## Problem to solve:
Count every line below in which "mulmxA" occurs, then give only the count.
::: Source data
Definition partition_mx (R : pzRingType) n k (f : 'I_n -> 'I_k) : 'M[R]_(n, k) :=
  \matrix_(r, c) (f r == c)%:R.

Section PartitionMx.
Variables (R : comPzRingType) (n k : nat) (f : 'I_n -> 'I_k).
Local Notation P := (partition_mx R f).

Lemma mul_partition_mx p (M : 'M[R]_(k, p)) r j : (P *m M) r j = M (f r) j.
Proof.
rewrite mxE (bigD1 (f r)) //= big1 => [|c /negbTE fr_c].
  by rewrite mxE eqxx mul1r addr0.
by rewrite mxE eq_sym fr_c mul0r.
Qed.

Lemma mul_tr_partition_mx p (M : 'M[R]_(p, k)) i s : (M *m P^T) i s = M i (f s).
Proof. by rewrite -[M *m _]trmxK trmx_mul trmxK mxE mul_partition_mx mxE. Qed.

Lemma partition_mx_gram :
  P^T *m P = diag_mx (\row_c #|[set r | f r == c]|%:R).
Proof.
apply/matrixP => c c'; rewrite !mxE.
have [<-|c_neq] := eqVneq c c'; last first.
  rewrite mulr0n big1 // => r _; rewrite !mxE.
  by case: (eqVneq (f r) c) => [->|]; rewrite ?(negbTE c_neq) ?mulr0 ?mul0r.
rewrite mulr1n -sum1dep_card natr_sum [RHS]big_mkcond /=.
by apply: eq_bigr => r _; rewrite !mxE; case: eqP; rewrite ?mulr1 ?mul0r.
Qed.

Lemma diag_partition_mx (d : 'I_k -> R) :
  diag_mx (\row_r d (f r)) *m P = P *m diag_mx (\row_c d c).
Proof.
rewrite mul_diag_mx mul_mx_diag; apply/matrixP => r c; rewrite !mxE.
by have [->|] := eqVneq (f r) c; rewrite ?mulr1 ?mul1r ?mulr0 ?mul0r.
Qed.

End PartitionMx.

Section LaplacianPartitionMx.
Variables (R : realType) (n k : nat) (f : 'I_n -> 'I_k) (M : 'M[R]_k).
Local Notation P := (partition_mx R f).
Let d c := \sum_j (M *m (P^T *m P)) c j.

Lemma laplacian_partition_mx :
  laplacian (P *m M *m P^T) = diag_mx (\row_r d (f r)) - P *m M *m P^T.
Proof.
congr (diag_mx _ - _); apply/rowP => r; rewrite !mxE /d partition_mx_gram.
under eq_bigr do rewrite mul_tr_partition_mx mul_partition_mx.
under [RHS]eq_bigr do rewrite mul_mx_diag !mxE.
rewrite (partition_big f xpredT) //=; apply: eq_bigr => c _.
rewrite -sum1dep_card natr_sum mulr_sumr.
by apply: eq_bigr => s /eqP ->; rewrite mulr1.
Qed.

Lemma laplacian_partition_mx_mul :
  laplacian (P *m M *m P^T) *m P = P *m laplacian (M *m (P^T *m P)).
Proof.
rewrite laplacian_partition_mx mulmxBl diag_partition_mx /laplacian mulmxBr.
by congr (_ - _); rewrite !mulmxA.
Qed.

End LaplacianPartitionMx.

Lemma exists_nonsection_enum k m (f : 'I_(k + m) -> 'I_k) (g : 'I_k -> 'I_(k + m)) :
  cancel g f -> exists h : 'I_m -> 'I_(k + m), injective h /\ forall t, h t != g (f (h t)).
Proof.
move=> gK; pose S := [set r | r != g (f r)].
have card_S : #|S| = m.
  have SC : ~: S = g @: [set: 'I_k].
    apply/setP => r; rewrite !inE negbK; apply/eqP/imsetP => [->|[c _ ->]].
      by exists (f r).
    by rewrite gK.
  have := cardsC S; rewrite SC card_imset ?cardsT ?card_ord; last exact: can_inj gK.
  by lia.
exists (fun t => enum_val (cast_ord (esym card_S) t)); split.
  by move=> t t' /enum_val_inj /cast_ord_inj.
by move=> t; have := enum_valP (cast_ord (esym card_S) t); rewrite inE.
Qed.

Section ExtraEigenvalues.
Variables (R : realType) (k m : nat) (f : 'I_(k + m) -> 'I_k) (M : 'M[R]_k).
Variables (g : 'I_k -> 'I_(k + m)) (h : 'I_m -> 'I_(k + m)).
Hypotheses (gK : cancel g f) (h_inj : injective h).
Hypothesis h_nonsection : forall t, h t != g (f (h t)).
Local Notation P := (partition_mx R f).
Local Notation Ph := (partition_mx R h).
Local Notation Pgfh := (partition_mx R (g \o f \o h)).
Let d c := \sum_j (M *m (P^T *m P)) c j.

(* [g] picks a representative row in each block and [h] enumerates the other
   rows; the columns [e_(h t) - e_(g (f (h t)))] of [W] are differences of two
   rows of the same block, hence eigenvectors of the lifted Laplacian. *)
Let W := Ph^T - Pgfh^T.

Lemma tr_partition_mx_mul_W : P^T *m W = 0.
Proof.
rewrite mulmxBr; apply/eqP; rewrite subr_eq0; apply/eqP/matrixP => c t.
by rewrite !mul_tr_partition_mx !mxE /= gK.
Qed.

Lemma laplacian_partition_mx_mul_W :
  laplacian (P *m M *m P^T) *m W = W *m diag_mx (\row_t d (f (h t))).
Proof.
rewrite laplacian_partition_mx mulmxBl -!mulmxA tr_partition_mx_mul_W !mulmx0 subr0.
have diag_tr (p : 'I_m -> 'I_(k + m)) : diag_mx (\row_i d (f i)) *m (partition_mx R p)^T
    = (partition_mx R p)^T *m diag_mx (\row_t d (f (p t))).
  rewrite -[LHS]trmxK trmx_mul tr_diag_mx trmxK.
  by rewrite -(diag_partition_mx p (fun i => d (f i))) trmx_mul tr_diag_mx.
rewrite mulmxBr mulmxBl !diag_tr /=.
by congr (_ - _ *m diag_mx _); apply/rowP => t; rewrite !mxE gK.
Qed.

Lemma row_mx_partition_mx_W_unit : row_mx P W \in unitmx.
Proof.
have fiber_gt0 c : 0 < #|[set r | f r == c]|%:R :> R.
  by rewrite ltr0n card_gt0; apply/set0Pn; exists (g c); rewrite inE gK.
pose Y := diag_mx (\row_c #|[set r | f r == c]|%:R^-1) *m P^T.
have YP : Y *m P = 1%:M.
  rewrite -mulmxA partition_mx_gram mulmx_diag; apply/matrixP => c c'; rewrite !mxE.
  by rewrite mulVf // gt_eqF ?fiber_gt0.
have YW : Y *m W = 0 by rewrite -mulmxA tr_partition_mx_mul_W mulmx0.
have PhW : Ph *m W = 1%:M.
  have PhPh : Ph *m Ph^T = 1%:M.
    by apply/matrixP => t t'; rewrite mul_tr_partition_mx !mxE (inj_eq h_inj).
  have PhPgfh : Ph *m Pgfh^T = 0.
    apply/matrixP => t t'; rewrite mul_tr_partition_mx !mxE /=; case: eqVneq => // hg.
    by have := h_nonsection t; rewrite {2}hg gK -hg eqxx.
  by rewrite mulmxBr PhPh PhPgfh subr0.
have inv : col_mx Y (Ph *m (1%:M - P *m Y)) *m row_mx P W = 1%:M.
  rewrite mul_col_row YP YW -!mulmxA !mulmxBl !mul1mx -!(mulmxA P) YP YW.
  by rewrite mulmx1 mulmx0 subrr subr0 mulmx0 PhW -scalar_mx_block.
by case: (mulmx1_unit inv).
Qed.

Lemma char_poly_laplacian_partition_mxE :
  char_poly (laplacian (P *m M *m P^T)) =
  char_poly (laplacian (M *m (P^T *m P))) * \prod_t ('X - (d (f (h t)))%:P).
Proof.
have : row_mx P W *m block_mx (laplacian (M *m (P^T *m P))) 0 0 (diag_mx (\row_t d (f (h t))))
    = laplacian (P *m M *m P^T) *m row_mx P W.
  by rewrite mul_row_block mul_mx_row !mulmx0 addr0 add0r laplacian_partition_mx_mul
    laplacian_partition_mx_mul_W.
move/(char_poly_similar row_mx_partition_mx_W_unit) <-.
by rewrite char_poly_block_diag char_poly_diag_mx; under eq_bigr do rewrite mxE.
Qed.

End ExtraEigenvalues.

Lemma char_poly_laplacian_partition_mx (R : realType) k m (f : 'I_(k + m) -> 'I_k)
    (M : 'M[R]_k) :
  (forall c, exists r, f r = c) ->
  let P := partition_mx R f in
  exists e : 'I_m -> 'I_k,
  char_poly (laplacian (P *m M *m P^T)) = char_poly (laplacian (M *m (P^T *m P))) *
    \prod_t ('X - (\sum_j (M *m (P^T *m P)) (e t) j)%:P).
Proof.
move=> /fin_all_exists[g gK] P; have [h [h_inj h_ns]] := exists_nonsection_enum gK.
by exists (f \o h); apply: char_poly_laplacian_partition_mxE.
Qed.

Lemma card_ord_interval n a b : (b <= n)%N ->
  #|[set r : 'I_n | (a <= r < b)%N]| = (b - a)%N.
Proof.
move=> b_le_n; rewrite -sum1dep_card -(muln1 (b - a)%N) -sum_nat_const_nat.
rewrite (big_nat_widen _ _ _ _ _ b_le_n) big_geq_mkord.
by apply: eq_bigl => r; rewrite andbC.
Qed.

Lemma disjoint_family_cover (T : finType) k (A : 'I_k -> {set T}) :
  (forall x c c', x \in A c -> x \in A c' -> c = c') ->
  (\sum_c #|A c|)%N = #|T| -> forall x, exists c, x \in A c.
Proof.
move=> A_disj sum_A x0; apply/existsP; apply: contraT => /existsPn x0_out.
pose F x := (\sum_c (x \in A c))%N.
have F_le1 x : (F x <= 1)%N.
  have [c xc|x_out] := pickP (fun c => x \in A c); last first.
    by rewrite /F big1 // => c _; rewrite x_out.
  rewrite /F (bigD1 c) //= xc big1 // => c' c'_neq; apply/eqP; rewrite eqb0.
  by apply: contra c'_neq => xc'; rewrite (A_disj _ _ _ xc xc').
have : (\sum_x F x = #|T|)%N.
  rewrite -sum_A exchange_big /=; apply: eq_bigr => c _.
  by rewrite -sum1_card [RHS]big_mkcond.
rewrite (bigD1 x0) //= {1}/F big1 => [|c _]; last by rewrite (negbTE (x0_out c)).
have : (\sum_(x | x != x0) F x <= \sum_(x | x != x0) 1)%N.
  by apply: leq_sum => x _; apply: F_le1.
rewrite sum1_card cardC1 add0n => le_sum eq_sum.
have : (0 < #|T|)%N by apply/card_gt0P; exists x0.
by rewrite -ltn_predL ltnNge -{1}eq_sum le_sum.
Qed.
::::::
## Task answer:
5